Stored data:
(* Let $\Pi=\{\Pi_\phi\}$ be a partition of a finite set of paths $\mathcal{P}$ into pairwise disjoint cells, and let $\Phi$ be a finite well-behaved set of filling classes $\phi=(Z_\phi,\Pi_\phi)$, partially ordered by $\ge_\xi$. Let $Z_\Phi=\bigcup_{\phi\in\Phi}Z_\phi$, where each PGT $\gamma$ has duration $E_\gamma>0$, minimum separation $t^{\mathrm{minsep}}_\gamma\ge0$ and positive integer minimal allocation $\mathcal{M}_\gamma$. Let $\Omega$ be the set of all totally ordered subsets (chains) of $(\Phi,\ge_\xi)$. Then for every $t_0$ there exists a valid schedule containing exactly $\mathcal{M}_\gamma$ PGAs of every $\gamma\in Z_\Phi$, all of whose PGAs lie within $[t_0,\,t_0+\mathcal{R}(Z_\Phi)]$, where $$\mathcal{R}(Z_\Phi)=\max_{\Theta\in\Omega}\ \sum_{\theta\in\Theta}R(Z_\theta).$$ In particular $\mathcal{R}(Z_\Phi)$ upper-bounds the minimum time needed to execute such a valid schedule.
   Context: Let $\mathcal{R}$ be the set of vertices on paths of $\mathcal{P}$; for $Q\subseteq\mathcal{P}$, $\xi(Q)=\{r\in\mathcal{R}:\exists\pi\in Q,\ r\in\pi\}$, and $\xi(\pi)$ denotes the vertex set of a single path. Order: $\phi>_\xi\psi$ iff $\xi(\Pi_\psi)\subsetneq\xi(\Pi_\phi)$. $\Phi=\{\phi_i\}$ is well-behaved if (1) $\xi(\Pi_{\phi_i})\ne\xi(\Pi_{\phi_j})$ for $i\ne j$, and (2) for $i\ne j$, $\xi(\Pi_{\phi_i})\cap\xi(\Pi_{\phi_j})\ne\emptyset$ implies one of $\xi(\Pi_{\phi_i}),\xi(\Pi_{\phi_j})$ is a proper subset of the other. Each $Z_\phi$ is a set of PGTs with $\pi_\gamma\in\Pi_\phi$. For $Z_\phi=\{\gamma_0,\dots,\gamma_{M-1}\}$ indexed with $\mathcal{M}_{\gamma_0}\le\dots\le\mathcal{M}_{\gamma_{M-1}}$, $E_x=E_{\gamma_x}$, $\tau_x=t^{\mathrm{minsep}}_{\gamma_x}$: $n_0=\mathcal{M}_{\gamma_0}-1$, $n_x=\mathcal{M}_{\gamma_x}-\mathcal{M}_{\gamma_{x-1}}$, $c_x=\max(\max_{y\ge x}(E_y+\tau_y),\sum_{y=x}^{M-1}E_y)$, $R(Z_\phi)=\sum_x(n_xc_x+E_x)$, $R(\emptyset)=0$. A PGA of $\gamma$ is an interval $[s,s+E_\gamma)$ assigned to $\gamma$; a schedule is a finite set of PGAs. A resource conflict: distinct PGAs $[s,e)$ of $\gamma$ and $[s',e')$ of $\gamma'$ with $\xi(\pi_\gamma)\cap\xi(\pi_{\gamma'})\ne\emptyset$ and $s\le s'<e$. A minsep violation: time-consecutive PGAs $[s,e)$, $[s'',e'')$ of the same $\gamma$ with $s''-e<t^{\mathrm{minsep}}_\gamma$. A schedule is valid if it has neither. *)

From HB Require Import structures.
From mathcomp Require Import all_boot all_order all_algebra.
Set Implicit Arguments. Unset Strict Implicit. Unset Printing Implicit Defensive.
Import Order.TTheory GRing.Theory Num.Theory.
Local Open Scope ring_scope.

Section Defs.
Variables (V Pth Cls G : finType) (R : realFieldType).
Variable xi : Pth -> {set V}.
Variable PiC : Cls -> {set Pth}.
Variable Z : Cls -> {set G}.
Variable pathOf : G -> Pth.
Variables (E tau : G -> R).
Variable M : G -> nat.

Definition xiQ (Q : {set Pth}) : {set V} := \bigcup_(pi in Q) xi pi.
Definition xiC (phi : Cls) : {set V} := xiQ (PiC phi).

Definition ge_xi (phi psi : Cls) : bool := (phi == psi) || (xiC psi \proper xiC phi).

Definition well_behaved (Phi : {set Cls}) : Prop :=
  (forall phi psi, phi \in Phi -> psi \in Phi -> phi != psi -> xiC phi != xiC psi) /\
  (forall phi psi, phi \in Phi -> psi \in Phi -> phi != psi ->
     xiC phi :&: xiC psi != set0 ->
     (xiC phi \proper xiC psi) || (xiC psi \proper xiC phi)).

Definition is_chain (Theta : {set Cls}) : bool :=
  [forall th1 in Theta, forall th2 in Theta, ge_xi th1 th2 || ge_xi th2 th1].

(* c_x computed on the suffix s = [gamma_x; ...; gamma_{M-1}] *)
Definition cval (s : seq G) : R :=
  Num.max (\big[Num.max/0]_(y <- s) (E y + tau y)) (\sum_(y <- s) E y).

(* sum_{x} (n_x c_x + E_x), with prev = M_{gamma_{x-1}} (and prev = 1 at x = 0,
   so that n_0 = M_{gamma_0} - 1) *)
Fixpoint Rseq (prev : nat) (s : seq G) : R :=
  match s with
  | [::] => 0
  | g :: s' => ((M g - prev)%:R * cval s + E g) + Rseq (M g) s'
  end.

Definition Rcls (phi : Cls) : R :=
  Rseq 1 (sort (fun a b => (M a <= M b)%N) (enum (Z phi))).

Definition Rtot (Phi : {set Cls}) : R :=
  \big[Num.max/0]_(Theta : {set Cls} | (Theta \subset Phi) && is_chain Theta)
     \sum_(th in Theta) Rcls th.

Definition ZPhi (Phi : {set Cls}) : {set G} := \bigcup_(phi in Phi) Z phi.

(* A schedule: finite set of PGAs (gamma, s) meaning interval [s, s + E gamma). *)
Definition resource_conflict (S : seq (G * R)) : Prop :=
  exists a b, [/\ a \in S, b \in S, a != b,
    xi (pathOf a.1) :&: xi (pathOf b.1) != set0 &
    a.2 <= b.2 < a.2 + E a.1].

Definition minsep_violation (S : seq (G * R)) : Prop :=
  exists a b, [/\ a \in S, b \in S, a.1 = b.1 & a.2 < b.2] /\
    (forall c, c \in S -> c.1 = a.1 -> ~ (a.2 < c.2 < b.2)) /\
    b.2 - (a.2 + E a.1) < tau a.1.

Definition valid_schedule (S : seq (G * R)) : Prop :=
  uniq S /\ ~ resource_conflict S /\ ~ minsep_violation S.

End Defs.

(* Each filling class is scheduled on its own by a round-robin over its PGTs
   sorted by minimal allocation: in phase x the PGTs gamma_x, gamma_{x+1}, ...
   run n_x rounds spaced c_x apart, then gamma_x runs once more and retires;
   all of this fits in R(Z_phi).  Classes sharing a vertex are comparable, so a
   class may start once every class whose vertex set strictly contains its own
   has finished; these classes and the class itself form a chain, hence the
   whole schedule ends by t0 + R(Z_Phi). *)

From HB Require Import structures.
From mathcomp Require Import all_boot all_order all_algebra.
From mathcomp Require Import lra zify.
Import Order.TTheory GRing.Theory Num.Theory.
Set Implicit Arguments. Unset Strict Implicit. Unset Printing Implicit Defensive.
Local Open Scope ring_scope.

Lemma pairwise_either (T : eqType) (r : rel T) s :
  pairwise r s -> {in s &, forall a b, a != b -> r a b || r b a}.
Proof.
pose r' := [rel a b | [|| a == b, r a b | r b a]].
have r'_refl : reflexive r' by move=> a; rewrite /= eqxx.
have r'_sym : symmetric r' by move=> a b /=; rewrite eq_sym (orbC (r a b)).
move=> rs; have : pairwise r' s.
  by apply: sub_pairwise rs => a b /= ->; rewrite orbT.
rewrite (pairwise_all2rel r'_refl r'_sym) => /allrelP r's a b ha hb /negbTE ab.
by have := r's a b ha hb; rewrite /= ab.
Qed.

Section RoundRobin.
Variables (G : finType) (R : realFieldType) (E tau : G -> R) (M : G -> nat).

Definition separated (a b : G * R) : bool :=
  (a.2 + E a.1 <= b.2) && ((a.1 == b.1) ==> (a.2 + E a.1 + tau a.1 <= b.2)).

Definition timing_ok (s : seq G) : Prop := {in s, forall y, 0 < E y /\ 0 <= tau y}.

Lemma timing_ok_cons y s : timing_ok (y :: s) -> timing_ok s.
Proof. by move=> ok z zs; apply: ok; rewrite inE zs orbT. Qed.

Fixpoint offset (s : seq G) (y : G) : R :=
  if s is z :: s' then (if z == y then 0 else E z + offset s' y) else 0.

Fixpoint round (T : R) (s : seq G) : seq (G * R) :=
  if s is y :: s' then (y, T) :: round (T + E y) s' else [::].

(* Consecutive rounds are [cval s] apart: this covers both the length of a
   round and the minimum separation of every PGT of [s]. *)
Fixpoint rounds (n : nat) (T : R) (s : seq G) : seq (G * R) :=
  if n is n'.+1 then round T s ++ rounds n' (T + cval E tau s) s else [::].

(* Mirrors [Rseq]: with [s = gamma_x :: s'] and [prev = M gamma_(x-1)], run
   n_x rounds over [s], then gamma_x a last time. *)
Fixpoint class_schedule (prev : nat) (T : R) (s : seq G) : seq (G * R) :=
  if s is g :: s' then
    rounds (M g - prev) T s ++
    (g, T + (M g - prev)%:R * cval E tau s) ::
    class_schedule (M g) (T + (M g - prev)%:R * cval E tau s + E g) s'
  else [::].

Lemma sum_duration_ge0 s : timing_ok s -> 0 <= \sum_(z <- s) E z.
Proof. by move=> ok; rewrite big_seq; apply: sumr_ge0 => z /ok [/ltW]. Qed.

Work task: Whenever a line in the listing above includes the word "Fixpoint", return that line.

Task output:
Fixpoint Rseq (prev : nat) (s : seq G) : R :=
Fixpoint offset (s : seq G) (y : G) : R :=
Fixpoint round (T : R) (s : seq G) : seq (G * R) :=
Fixpoint rounds (n : nat) (T : R) (s : seq G) : seq (G * R) :=
Fixpoint class_schedule (prev : nat) (T : R) (s : seq G) : seq (G * R) :=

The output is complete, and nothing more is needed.